*** Data to process ***

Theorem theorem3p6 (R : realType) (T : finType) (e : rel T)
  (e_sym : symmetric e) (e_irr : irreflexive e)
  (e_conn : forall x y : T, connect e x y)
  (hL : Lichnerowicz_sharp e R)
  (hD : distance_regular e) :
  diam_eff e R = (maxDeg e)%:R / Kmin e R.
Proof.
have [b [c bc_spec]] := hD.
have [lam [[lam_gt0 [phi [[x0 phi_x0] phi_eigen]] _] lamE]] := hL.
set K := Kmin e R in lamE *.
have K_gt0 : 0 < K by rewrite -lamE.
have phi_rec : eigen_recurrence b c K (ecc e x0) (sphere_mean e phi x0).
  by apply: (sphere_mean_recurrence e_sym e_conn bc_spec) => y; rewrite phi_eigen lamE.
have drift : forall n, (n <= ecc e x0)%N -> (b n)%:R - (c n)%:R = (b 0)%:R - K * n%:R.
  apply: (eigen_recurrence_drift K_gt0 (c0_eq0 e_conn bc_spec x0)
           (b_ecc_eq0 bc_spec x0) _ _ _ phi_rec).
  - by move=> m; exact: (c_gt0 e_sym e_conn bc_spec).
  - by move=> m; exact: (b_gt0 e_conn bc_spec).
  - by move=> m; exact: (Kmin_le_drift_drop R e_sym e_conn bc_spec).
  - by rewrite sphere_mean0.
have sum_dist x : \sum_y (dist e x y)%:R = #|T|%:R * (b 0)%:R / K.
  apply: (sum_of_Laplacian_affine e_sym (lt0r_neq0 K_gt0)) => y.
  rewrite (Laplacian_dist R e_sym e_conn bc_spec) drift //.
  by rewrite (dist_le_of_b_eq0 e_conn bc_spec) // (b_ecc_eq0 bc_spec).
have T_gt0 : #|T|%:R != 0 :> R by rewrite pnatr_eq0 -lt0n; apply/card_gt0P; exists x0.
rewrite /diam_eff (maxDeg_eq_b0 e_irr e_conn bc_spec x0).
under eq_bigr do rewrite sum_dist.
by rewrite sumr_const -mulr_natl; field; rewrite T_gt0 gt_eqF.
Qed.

***
*** Data to process ***

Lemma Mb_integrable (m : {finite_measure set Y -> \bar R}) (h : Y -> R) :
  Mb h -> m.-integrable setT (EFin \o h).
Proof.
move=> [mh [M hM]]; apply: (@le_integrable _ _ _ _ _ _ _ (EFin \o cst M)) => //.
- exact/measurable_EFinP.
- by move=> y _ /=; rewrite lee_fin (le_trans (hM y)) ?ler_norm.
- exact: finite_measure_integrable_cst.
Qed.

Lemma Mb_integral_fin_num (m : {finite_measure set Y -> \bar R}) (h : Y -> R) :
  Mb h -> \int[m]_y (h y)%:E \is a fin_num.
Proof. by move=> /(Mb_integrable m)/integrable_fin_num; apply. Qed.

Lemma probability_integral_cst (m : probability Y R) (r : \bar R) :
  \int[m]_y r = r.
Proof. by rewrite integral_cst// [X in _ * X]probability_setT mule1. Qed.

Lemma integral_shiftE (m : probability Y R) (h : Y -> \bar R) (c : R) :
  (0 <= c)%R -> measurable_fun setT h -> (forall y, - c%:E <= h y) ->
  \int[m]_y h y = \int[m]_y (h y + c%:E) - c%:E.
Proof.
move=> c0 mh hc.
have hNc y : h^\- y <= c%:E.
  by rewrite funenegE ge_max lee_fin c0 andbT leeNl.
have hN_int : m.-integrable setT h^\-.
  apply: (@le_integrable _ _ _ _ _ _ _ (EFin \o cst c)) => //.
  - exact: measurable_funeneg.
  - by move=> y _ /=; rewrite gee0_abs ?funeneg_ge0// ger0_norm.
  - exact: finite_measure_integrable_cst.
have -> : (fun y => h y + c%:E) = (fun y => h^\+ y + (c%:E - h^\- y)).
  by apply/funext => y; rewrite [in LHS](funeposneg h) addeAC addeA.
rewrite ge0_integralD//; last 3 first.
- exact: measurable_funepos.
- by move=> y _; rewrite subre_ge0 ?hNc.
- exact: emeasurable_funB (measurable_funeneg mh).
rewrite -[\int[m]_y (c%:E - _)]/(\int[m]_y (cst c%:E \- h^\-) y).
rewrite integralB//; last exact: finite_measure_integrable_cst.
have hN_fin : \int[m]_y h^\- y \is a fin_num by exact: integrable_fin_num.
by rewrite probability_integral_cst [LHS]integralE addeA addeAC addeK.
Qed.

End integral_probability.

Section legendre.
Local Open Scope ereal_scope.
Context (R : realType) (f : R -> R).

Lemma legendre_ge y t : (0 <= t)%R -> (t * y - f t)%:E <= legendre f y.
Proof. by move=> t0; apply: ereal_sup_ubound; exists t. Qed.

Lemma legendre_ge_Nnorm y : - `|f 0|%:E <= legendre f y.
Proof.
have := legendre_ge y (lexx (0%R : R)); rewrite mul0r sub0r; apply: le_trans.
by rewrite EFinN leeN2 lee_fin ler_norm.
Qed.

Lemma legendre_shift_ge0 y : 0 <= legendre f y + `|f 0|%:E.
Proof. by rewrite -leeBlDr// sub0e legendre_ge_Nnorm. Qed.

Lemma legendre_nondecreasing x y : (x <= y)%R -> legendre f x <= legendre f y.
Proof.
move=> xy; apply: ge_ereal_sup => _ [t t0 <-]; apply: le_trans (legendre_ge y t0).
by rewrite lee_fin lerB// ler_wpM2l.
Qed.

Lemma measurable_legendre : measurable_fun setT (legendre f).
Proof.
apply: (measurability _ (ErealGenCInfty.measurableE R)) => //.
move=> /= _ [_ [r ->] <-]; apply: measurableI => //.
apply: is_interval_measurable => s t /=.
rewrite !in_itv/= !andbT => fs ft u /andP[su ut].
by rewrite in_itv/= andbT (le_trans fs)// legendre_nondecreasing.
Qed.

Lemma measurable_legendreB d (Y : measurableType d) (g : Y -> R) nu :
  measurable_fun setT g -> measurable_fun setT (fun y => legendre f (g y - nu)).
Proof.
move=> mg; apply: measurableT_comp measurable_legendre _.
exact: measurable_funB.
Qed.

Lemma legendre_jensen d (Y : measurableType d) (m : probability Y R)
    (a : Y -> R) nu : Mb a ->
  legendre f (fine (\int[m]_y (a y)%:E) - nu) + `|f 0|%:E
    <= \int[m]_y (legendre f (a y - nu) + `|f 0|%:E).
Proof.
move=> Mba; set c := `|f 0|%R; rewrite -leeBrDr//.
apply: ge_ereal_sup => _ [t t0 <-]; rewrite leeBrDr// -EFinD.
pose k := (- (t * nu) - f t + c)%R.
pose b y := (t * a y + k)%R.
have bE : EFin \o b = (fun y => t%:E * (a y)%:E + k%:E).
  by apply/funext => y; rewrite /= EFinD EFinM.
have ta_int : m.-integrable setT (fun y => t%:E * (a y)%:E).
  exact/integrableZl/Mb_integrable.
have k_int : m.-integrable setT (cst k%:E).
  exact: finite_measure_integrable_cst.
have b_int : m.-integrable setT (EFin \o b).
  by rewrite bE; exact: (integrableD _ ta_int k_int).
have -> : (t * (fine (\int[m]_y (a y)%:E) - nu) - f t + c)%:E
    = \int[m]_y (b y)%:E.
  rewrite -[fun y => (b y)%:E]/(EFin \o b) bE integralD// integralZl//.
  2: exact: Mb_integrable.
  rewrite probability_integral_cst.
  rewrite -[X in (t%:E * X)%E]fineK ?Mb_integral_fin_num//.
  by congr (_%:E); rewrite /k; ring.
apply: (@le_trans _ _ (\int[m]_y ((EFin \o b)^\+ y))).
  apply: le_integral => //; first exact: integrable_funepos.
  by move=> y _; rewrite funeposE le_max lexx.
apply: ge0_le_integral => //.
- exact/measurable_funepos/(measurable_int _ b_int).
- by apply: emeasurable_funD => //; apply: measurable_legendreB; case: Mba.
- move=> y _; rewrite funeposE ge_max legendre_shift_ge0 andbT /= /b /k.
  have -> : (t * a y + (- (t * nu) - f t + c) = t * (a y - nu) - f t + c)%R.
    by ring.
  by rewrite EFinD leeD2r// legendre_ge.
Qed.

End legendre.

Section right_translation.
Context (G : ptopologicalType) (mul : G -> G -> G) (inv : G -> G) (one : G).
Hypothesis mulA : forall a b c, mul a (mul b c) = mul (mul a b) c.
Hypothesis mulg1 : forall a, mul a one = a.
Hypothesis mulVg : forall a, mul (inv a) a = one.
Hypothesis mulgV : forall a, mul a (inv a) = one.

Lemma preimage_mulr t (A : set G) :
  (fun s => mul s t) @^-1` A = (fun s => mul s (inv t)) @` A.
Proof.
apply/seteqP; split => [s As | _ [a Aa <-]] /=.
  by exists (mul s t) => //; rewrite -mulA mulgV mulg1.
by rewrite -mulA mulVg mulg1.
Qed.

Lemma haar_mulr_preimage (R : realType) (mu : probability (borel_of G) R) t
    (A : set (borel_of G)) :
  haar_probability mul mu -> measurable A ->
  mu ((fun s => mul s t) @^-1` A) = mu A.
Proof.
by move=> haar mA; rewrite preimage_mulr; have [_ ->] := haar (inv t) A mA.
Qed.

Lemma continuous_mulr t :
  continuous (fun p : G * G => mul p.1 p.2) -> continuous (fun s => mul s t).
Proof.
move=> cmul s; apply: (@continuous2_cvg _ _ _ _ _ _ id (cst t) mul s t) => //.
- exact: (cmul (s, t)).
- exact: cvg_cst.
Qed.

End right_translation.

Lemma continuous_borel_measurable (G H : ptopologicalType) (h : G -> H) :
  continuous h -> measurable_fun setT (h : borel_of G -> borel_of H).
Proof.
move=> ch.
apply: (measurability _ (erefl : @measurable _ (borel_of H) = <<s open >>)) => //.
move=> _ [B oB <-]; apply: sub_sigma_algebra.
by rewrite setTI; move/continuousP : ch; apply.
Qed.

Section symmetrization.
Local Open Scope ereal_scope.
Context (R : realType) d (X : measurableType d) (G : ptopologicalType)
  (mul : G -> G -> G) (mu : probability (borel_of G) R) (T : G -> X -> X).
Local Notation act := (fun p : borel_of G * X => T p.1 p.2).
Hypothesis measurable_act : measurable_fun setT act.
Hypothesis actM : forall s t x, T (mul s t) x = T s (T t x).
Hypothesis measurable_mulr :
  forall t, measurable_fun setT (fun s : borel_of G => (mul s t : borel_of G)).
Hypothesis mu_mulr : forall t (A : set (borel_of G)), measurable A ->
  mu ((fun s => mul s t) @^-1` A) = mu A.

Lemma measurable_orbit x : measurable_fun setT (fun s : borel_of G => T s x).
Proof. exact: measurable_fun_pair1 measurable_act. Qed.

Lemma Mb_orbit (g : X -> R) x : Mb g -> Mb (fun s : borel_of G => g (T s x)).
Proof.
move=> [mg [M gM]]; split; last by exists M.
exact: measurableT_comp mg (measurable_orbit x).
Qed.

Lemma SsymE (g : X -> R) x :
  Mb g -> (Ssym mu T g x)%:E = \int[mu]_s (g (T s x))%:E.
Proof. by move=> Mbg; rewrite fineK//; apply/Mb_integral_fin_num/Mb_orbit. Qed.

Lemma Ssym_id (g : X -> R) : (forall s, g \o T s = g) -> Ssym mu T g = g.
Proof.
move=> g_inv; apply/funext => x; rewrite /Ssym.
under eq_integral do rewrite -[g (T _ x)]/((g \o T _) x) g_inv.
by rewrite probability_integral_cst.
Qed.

***
*** Data to process ***

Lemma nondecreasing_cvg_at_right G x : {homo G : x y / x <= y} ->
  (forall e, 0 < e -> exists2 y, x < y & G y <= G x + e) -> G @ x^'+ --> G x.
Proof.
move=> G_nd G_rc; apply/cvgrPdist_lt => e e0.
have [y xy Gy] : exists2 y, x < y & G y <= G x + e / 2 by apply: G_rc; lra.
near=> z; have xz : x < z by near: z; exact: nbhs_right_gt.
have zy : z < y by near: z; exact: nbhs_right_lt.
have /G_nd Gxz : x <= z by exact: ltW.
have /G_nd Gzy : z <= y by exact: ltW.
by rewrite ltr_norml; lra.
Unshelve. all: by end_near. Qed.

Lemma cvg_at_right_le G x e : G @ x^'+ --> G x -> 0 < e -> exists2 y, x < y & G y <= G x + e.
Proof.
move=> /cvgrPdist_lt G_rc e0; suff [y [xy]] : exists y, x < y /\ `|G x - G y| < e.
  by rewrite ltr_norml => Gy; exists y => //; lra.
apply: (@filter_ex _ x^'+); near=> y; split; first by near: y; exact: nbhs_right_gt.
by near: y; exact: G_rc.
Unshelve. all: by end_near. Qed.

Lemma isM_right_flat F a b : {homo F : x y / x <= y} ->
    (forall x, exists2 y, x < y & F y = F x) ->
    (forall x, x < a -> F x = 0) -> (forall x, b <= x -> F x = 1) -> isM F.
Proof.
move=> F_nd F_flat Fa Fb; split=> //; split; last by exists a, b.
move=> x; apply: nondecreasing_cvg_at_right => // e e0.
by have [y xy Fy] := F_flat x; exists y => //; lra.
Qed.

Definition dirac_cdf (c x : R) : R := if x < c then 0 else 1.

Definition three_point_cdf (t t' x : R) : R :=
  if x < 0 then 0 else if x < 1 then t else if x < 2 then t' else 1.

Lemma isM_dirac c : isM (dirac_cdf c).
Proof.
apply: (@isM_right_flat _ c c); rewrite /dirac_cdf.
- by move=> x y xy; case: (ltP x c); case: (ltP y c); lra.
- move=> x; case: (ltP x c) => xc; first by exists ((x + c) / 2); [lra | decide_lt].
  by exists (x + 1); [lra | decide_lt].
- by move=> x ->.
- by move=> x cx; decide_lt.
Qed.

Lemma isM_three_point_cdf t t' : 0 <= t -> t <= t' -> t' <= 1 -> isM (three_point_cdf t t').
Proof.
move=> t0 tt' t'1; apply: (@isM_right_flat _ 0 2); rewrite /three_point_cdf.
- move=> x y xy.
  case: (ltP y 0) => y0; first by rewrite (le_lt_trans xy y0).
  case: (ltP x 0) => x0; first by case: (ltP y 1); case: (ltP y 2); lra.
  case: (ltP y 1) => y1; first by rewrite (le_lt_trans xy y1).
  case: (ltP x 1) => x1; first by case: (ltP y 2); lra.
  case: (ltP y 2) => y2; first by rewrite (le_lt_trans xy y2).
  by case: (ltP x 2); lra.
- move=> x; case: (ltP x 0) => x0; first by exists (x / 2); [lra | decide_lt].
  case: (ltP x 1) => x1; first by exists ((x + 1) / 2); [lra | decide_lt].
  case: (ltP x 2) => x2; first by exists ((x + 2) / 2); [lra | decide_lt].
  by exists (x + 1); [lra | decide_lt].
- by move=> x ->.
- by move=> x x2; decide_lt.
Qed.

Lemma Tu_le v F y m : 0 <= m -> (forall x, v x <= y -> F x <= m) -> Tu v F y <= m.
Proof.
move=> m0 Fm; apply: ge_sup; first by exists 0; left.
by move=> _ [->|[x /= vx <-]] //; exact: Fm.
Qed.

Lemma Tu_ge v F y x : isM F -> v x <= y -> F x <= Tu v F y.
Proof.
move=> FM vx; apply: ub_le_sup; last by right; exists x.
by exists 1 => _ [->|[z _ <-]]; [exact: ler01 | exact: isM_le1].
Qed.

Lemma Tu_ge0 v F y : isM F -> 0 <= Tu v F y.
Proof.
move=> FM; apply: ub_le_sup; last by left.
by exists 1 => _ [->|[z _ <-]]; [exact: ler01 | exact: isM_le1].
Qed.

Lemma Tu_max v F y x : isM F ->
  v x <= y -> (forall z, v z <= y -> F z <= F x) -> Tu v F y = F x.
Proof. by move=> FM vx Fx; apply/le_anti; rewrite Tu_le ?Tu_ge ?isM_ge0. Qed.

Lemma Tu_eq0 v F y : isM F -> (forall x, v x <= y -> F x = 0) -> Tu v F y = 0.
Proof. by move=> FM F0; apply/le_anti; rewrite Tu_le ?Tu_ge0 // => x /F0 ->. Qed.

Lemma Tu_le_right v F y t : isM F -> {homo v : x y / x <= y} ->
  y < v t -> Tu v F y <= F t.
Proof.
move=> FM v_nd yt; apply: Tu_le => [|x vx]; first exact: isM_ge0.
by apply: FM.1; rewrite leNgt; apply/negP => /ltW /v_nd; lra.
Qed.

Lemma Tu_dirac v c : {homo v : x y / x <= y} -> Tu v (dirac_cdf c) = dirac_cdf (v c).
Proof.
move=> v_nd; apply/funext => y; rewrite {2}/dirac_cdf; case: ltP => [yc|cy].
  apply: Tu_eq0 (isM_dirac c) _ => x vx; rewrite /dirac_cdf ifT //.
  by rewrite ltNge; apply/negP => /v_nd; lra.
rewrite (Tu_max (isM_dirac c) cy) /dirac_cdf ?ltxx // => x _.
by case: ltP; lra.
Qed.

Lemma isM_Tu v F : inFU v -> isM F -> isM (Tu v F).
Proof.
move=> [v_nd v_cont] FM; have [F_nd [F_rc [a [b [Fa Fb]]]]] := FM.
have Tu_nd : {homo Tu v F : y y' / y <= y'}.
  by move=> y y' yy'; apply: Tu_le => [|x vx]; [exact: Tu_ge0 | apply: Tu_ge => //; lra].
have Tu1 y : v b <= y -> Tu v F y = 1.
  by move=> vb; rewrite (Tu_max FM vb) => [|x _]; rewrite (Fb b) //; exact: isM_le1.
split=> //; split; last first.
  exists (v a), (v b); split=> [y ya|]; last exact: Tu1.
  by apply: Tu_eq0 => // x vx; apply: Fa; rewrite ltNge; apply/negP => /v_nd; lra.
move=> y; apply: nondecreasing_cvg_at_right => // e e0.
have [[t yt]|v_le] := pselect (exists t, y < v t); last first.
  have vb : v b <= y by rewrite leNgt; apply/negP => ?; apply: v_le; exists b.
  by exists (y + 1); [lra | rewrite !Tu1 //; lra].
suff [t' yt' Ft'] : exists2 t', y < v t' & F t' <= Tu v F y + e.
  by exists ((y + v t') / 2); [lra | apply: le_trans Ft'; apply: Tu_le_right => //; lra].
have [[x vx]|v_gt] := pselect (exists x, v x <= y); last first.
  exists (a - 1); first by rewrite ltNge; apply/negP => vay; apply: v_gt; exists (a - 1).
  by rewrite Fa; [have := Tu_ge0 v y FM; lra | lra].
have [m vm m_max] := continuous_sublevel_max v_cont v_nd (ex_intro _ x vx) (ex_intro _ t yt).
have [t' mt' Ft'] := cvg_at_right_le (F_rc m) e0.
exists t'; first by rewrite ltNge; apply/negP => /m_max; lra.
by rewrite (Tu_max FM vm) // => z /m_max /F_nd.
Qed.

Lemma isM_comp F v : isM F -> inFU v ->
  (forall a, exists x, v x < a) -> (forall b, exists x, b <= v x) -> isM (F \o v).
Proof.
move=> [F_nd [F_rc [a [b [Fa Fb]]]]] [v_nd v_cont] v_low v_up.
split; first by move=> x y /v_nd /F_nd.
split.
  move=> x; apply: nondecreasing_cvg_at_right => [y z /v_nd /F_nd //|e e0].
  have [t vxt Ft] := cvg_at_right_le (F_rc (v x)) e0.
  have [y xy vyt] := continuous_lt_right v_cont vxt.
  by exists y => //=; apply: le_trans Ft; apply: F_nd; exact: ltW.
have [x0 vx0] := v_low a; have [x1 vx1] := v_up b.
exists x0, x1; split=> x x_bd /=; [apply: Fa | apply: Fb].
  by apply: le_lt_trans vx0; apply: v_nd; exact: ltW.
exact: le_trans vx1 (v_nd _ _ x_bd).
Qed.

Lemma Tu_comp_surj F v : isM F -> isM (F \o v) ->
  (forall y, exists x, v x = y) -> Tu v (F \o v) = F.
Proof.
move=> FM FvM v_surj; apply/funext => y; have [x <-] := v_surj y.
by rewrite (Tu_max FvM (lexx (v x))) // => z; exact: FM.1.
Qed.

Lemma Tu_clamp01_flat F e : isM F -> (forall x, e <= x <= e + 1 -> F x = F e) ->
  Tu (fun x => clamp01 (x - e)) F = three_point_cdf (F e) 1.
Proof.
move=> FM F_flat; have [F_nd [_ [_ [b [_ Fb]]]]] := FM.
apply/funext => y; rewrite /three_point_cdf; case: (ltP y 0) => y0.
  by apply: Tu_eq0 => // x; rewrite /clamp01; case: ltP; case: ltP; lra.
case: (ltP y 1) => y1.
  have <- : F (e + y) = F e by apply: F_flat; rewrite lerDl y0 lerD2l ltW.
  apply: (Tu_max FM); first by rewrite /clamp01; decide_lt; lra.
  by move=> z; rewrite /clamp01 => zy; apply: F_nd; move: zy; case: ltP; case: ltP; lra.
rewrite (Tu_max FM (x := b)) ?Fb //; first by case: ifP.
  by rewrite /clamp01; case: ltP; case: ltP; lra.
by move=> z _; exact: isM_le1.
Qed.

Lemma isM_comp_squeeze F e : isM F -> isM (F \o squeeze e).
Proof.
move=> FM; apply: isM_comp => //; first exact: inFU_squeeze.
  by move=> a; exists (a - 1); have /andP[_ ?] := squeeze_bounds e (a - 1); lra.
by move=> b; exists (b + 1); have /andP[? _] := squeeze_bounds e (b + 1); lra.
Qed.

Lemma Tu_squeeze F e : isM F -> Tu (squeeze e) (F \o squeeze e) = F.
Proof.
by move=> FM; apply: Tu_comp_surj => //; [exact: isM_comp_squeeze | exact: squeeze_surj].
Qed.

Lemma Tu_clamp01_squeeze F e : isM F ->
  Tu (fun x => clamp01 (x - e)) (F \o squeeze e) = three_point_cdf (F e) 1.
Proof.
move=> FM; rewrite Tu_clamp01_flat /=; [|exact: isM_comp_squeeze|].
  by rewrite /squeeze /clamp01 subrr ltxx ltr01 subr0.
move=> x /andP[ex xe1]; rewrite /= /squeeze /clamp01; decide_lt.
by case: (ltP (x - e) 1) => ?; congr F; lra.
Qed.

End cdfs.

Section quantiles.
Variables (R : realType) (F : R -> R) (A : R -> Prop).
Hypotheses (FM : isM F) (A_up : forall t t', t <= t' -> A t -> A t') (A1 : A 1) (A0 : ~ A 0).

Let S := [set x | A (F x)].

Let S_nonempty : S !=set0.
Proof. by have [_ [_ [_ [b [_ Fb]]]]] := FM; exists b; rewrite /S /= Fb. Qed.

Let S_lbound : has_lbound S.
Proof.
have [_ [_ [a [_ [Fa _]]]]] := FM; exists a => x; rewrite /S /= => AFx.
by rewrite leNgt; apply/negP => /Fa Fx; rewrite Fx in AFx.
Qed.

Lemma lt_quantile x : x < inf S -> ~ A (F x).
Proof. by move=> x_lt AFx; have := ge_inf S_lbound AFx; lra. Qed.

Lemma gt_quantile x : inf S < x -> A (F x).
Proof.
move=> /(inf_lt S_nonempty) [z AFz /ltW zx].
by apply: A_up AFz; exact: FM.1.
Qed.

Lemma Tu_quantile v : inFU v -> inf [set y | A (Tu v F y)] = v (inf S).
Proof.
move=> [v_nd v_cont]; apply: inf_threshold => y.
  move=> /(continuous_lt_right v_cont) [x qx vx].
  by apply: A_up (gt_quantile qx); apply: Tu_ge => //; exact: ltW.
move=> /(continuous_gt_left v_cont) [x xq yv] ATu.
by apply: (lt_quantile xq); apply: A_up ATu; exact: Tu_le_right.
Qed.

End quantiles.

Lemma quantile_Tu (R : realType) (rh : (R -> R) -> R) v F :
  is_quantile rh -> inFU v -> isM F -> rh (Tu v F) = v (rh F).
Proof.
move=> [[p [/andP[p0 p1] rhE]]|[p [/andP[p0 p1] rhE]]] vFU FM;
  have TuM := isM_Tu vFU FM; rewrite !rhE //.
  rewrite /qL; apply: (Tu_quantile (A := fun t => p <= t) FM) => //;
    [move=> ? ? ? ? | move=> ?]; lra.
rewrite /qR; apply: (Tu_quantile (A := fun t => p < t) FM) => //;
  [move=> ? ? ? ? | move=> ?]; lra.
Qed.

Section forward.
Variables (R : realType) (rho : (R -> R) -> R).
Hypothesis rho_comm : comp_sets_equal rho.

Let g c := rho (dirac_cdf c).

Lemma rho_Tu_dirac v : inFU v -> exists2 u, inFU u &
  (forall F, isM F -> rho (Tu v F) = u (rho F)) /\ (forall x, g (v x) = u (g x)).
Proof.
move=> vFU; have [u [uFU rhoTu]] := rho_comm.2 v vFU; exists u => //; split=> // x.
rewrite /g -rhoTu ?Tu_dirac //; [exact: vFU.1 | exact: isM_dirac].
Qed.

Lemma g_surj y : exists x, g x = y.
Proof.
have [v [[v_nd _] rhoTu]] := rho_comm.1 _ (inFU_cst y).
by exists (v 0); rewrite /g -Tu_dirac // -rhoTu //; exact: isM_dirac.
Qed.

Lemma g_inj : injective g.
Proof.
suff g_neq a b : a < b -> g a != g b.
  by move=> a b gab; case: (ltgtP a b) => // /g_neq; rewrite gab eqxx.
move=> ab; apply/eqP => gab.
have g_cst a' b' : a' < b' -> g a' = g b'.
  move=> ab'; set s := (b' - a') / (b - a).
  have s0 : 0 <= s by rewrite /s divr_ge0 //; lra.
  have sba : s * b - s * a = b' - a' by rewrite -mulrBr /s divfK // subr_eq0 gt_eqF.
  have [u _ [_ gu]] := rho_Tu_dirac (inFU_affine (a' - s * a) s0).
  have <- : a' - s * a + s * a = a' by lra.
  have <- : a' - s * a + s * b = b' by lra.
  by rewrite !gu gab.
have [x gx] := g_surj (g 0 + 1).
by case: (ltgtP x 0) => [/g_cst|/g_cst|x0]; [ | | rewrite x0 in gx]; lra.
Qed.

***

* _Try it_
Search the material above for the word "funext", and return each line that holds it.

* _Task response_
  by apply/funext => y; rewrite [in LHS](funeposneg h) addeAC addeA.
  by apply/funext => y; rewrite /= EFinD EFinM.
move=> g_inv; apply/funext => x; rewrite /Ssym.
move=> v_nd; apply/funext => y; rewrite {2}/dirac_cdf; case: ltP => [yc|cy].
move=> FM FvM v_surj; apply/funext => y; have [x <-] := v_surj y.
apply/funext => y; rewrite /three_point_cdf; case: (ltP y 0) => y0.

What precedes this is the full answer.